Looking at the graph above:
* Brazil has one player who has highest value. 
* Players who are from England and Japan have value really close to their teammates.
* In term of median, Spain has the most value.

# 3. Match Analysis
The comparation is using only 11 players in lineups because

## 3.1 France vs Belgium ( 1 st quater final)

In [None]:
# define a function that get location of each players from a name list
def get_location(player_list,data):
    location=[]
    for idx,s in enumerate(data.Name):
        for player in player_list:
            if player in s:
                location.append(idx)
    return location


In [None]:
# Players who are younger than 20 will have 95% of their overall score
# Players who are older than 29 will have 98% of their overall score
def overall_adjusted_score(input_data):
    data = input_data.copy()
    data.loc[data.index[(data.Age < 20)],"Overall"]=data.loc[data.index[(data.Age < 20)],"Overall"]*0.95
    data.loc[data.index[(data.Age >29)],"Overall"]=data.loc[data.index[(data.Age >29)],"Overall"]*0.98
    return data.Overall.mean()

### 3.1.1 Teams Analysis

In [None]:
Image("../input/worldcup2018/FranceVsBelgium.png")

In [None]:
FrancePlayers = ["H. Lloris","B. Pavard","R. Varane","S. Umtiti","L. Hernandez","N. Kante","P. Pogba","K. Mbappe","A. Griezmann","B. Matuidi","O. Giroud"]
BelgiumPlayers = ["R. Lukaku","E. Hazard","M. Fellaini","K. De Bruyne","M. Dembele","A. Witsel","J. Vertonghen","V. Kompany","T. Alderweireld","N. Chadli","T. Courtois"]

In [None]:
all_france_players =data[data.Nationality == "France"]
France_lineups = all_france_players.iloc[get_location(FrancePlayers,all_france_players),:]
France_lineups


In France_lineups, we found only 8 players.  We are missing 3 more players who are L. Hernandez,  N. Kante, and K. Mbappe.  I found the data for those players on sofifa.com.
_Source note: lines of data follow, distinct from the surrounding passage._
Lemma level_error_le n x : (1 <= n)%nat -> 0 < x -> Q * x <= 1 ->
  Rabs (level_exact n x / INR n - level_limit (INR n * x))
    <= level_error_const / INR n * (level_weight n (q * x) - level_weight n x).
Proof.
  intros Hn Hx HQx. pose proof pq_pos as Hc. pose proof Q_gt_1 as HQ.
  assert (HN : 0 < INR n) by (apply (lt_INR 0); lia).
  eapply Rle_trans; [apply level_error_le_terms; auto|].
  set (t := INR n * x). assert (Ht : 0 < t) by (unfold t; nra).
  set (d1 := exp (- (q * t)) - exp (- t)).
  set (d2 := exp (- t) - exp (- (Q * t))).
  set (d3 := (1 - x) ^ n - (1 - Q * x) ^ n).
  assert (Hd : 0 <= d1 /\ 0 <= d2 /\ 0 <= d3).
  { unfold d1, d2, d3. pose proof (exp_increasing (- t) (- (q * t))).
    pose proof (exp_increasing (- (Q * t)) (- t)).
    assert ((1 - Q * x) ^ n <= (1 - x) ^ n) by (apply pow_incr; nra). repeat split; nra. }
  replace (level_weight n (q * x) - level_weight n x) with (d1 + d2 + d3).
  2:{ unfold level_weight, d1, d2, d3, t.
      replace (Q * (q * x)) with x by (rewrite <- Rmult_assoc, (Rmult_comm Q), q_mul_Q; ring).
      replace (INR n * (q * x)) with (q * (INR n * x)) by ring.
      replace (INR n * (Q * x)) with (Q * (INR n * x)) by ring. ring. }
  set (a1 := 3 / (pq * (1 - q))). set (a2 := 3 * Q / (pq * (1 - q))).
  set (a3 := 12 / (1 - q) ^ 2). set (a4 := / pq).
  assert (Ha : 0 <= a1 /\ 0 <= a2 /\ 0 <= a3 /\ 0 <= a4).
  { assert (0 < pq * (1 - q)) by (apply Rmult_lt_0_compat; lra).
    unfold a1, a2, a3, a4; repeat split; apply Rlt_le;
      [apply Rdiv_lt_0_compat| apply Rdiv_lt_0_compat| apply Rdiv_lt_0_compat; [|apply pow_lt]
      | apply Rinv_0_lt_compat]; lra. }
  replace (level_error_const / INR n * (d1 + d2 + d3)) with ((a1 + a2 + a3 + a4) * (d1 + d2 + d3) / INR n)
    by (unfold level_error_const, a1, a2, a3, a4; field; lra).
  apply Rmult_le_compat_r; [apply Rlt_le, Rinv_0_lt_compat; lra|].
  destruct Ha as (Ha1 & Ha2 & Ha3 & Ha4). destruct Hd as (Hd1 & Hd2 & Hd3).
  assert (0 <= (a2 + a3 + a4) * d1) by (apply Rmult_le_pos; lra).
  assert (0 <= (a1 + a4) * d2) by (apply Rmult_le_pos; lra).
  assert (0 <= (a1 + a2 + a3) * d3) by (apply Rmult_le_pos; lra).
  lra.
Qed.

Lemma pow_level_range k : (1 <= k)%nat -> 0 < q ^ k /\ Q * q ^ k <= 1.
Proof.
  intros Hk. split; [apply pow_lt; lra|]. rewrite Q_mul_pow by auto. apply pow_le_one; lra.
Qed.

Lemma lsum_level_error_le n M : (1 <= n)%nat ->
  Rabs (lsum (fun k => max_first_pos q n 1 k / INR n - level_limit (INR n * q ^ k)) (seq 1 M))
    <= 3 * level_error_const / INR n.
Proof.
  intros Hn. eapply Rle_trans; [apply lsum_abs|].
  eapply Rle_trans.
  { apply lsum_le_in with
      (g := fun k => level_error_const / INR n * (level_weight n (q ^ S k) - level_weight n (q ^ k))).
    intros k Hk. apply in_seq in Hk. destruct (pow_level_range k ltac:(lia)).
    rewrite max_first_pos_level_exact by lia. apply level_error_le; auto. }
  rewrite lsum_scal, (lsum_telescope (fun k => level_weight n (q ^ k))).
  assert (0 < level_error_const / INR n).
  { apply Rdiv_lt_0_compat; [|apply (lt_INR 0); lia].
    pose proof pq_pos. pose proof Q_gt_1.
    assert (0 < pq * (1 - q)) by (apply Rmult_lt_0_compat; lra).
    assert (0 < (1 - q) ^ 2) by (apply pow_lt; lra).
    assert (0 < 3 / (pq * (1 - q))) by (apply Rdiv_lt_0_compat; lra).
    assert (0 < 3 * Q / (pq * (1 - q))) by (apply Rdiv_lt_0_compat; lra).
    assert (0 < 12 / (1 - q) ^ 2) by (apply Rdiv_lt_0_compat; lra).
    assert (0 < / pq) by (apply Rinv_0_lt_compat; lra).
    unfold level_error_const. lra. }
  destruct (pow_level_range (1 + M) ltac:(lia)). destruct (pow_level_range 1 ltac:(lia)).
  pose proof (level_weight_range n (q ^ (1 + M)) ltac:(lra) ltac:(auto)).
  pose proof (level_weight_range n (q ^ 1) ltac:(lra) ltac:(auto)).
  replace (3 * level_error_const / INR n) with (level_error_const / INR n * 3)
    by (field; apply not_0_INR; lia).
  apply Rmult_le_compat_l; lra.
Qed.

Lemma lsum_abs_level_limit_le x M : 0 < x -> lsum (fun k => Rabs (level_limit (x * q ^ k))) (seq 1 M) <= / q.
Proof.
  intros Hx. eapply Rle_trans.
  { apply lsum_le with (g := fun k => / q * (exp (- (x * q ^ S k)) - exp (- (x * q ^ k)))).
    intros k. replace (x * q ^ S k) with (q * (x * q ^ k)) by (simpl; ring).
    apply level_limit_abs_le. apply Rmult_lt_0_compat; [lra| apply pow_lt; lra]. }
  rewrite lsum_scal, (lsum_telescope (fun k => exp (- (x * q ^ k)))).
  assert (exp (- (x * q ^ (1 + M))) <= 1) by (apply exp_opp_le_1; apply Rmult_le_pos; [lra| apply pow_le; lra]).
  pose proof (exp_pos (- (x * q ^ 1))). assert (0 < / q) by (apply Rinv_0_lt_compat; lra).
  rewrite <- (Rmult_1_r (/ q)) at 2. apply Rmult_le_compat_l; lra.
Qed.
* K. Mbappe: age:20, Overall: 88, Value: 81M
* L. Hernandez: age:22, Overall: 83, Value: 29.5M
* N. Kante: age:27, Overall: 89, Value: 63M

In [None]:
# Add missing players to France_lineups dataframe
France_lineups=France_lineups.append({'Name' : 'K. Mbappe' , 'Age' : 20, 'Nationality': 'France', 'Overall' : 88, 'Value' : 81000000} , ignore_index=True)
France_lineups=France_lineups.append({'Name' : 'L. Hernandez' , 'Age' : 22, 'Nationality': 'France', 'Overall' : 83, 'Value' : 29500000} , ignore_index=True)
France_lineups=France_lineups.append({'Name' : 'N. Kante' , 'Age' : 27, 'Nationality': 'France', 'Overall' : 89, 'Value' : 63000000} , ignore_index=True)


In [None]:
# complete France Lineups
France_lineups

In [None]:
# Belgium
all_belgium_players =data[data.Nationality == "Belgium"]
Belgium_lineups = all_belgium_players.iloc[get_location(BelgiumPlayers,all_belgium_players),:]
Belgium_lineups

In Belgium lineups, I have 10 players.  We are missing one player who is M. Dembele. 

* M. Dembele: age:30, Overall: 82, Value: 0

In [None]:
# Add missing players to Belgium_lineups dataframe
Belgium_lineups=Belgium_lineups.append({'Name' : 'M. Dembele' , 'Age' : 30, 'Nationality': 'Belgium', 'Overall' : 82, 'Value' : 0} , ignore_index=True)
Belgium_lineups

### Age

In [None]:
print("Here is France's average age: {:.2f},comparing against Belgium's average age: {:.2f}.".format(France_lineups.Age.mean(),Belgium_lineups.Age.mean()))
print("We can see France players are younger than Belgium players on average. It means Belgium have more experiences than France. France players are youngers, so they have more strength.")

In [None]:
plt.figure(figsize=(16,8))
sns.set_style("whitegrid")
plt.title('France Players Age', fontsize=30, fontweight='bold', y=1.05,)
plt.xlabel('x', fontsize=25)
plt.ylabel('y', fontsize=25)
sns.countplot(x="Age", data=France_lineups, palette="hls");
plt.show()

In [None]:
plt.figure(figsize=(16,8))
sns.set_style("whitegrid")
plt.title('Belgium Players Age', fontsize=30, fontweight='bold', y=1.05,)
plt.xlabel('x', fontsize=25)
plt.ylabel('y', fontsize=25)
sns.countplot(x="Age", data=Belgium_lineups, palette="hls");
plt.show()

### Value

I will replace the value of A. Witsel and M. Dembele with Belgium's average value .

In [None]:
names = ['A. Witsel','M. Dembele']
mean = Belgium_lineups.Value.mean()
Belgium_lineups.loc[get_location(names,Belgium_lineups),'Value'] = mean
Belgium_lineups

In [None]:
print('Here is total value of France: €{:.2f}M, \nand here is total value of Belgium: €{:.2f}M'.format(France_lineups.Value.sum()/1000000,Belgium_lineups.Value.sum()/1000000))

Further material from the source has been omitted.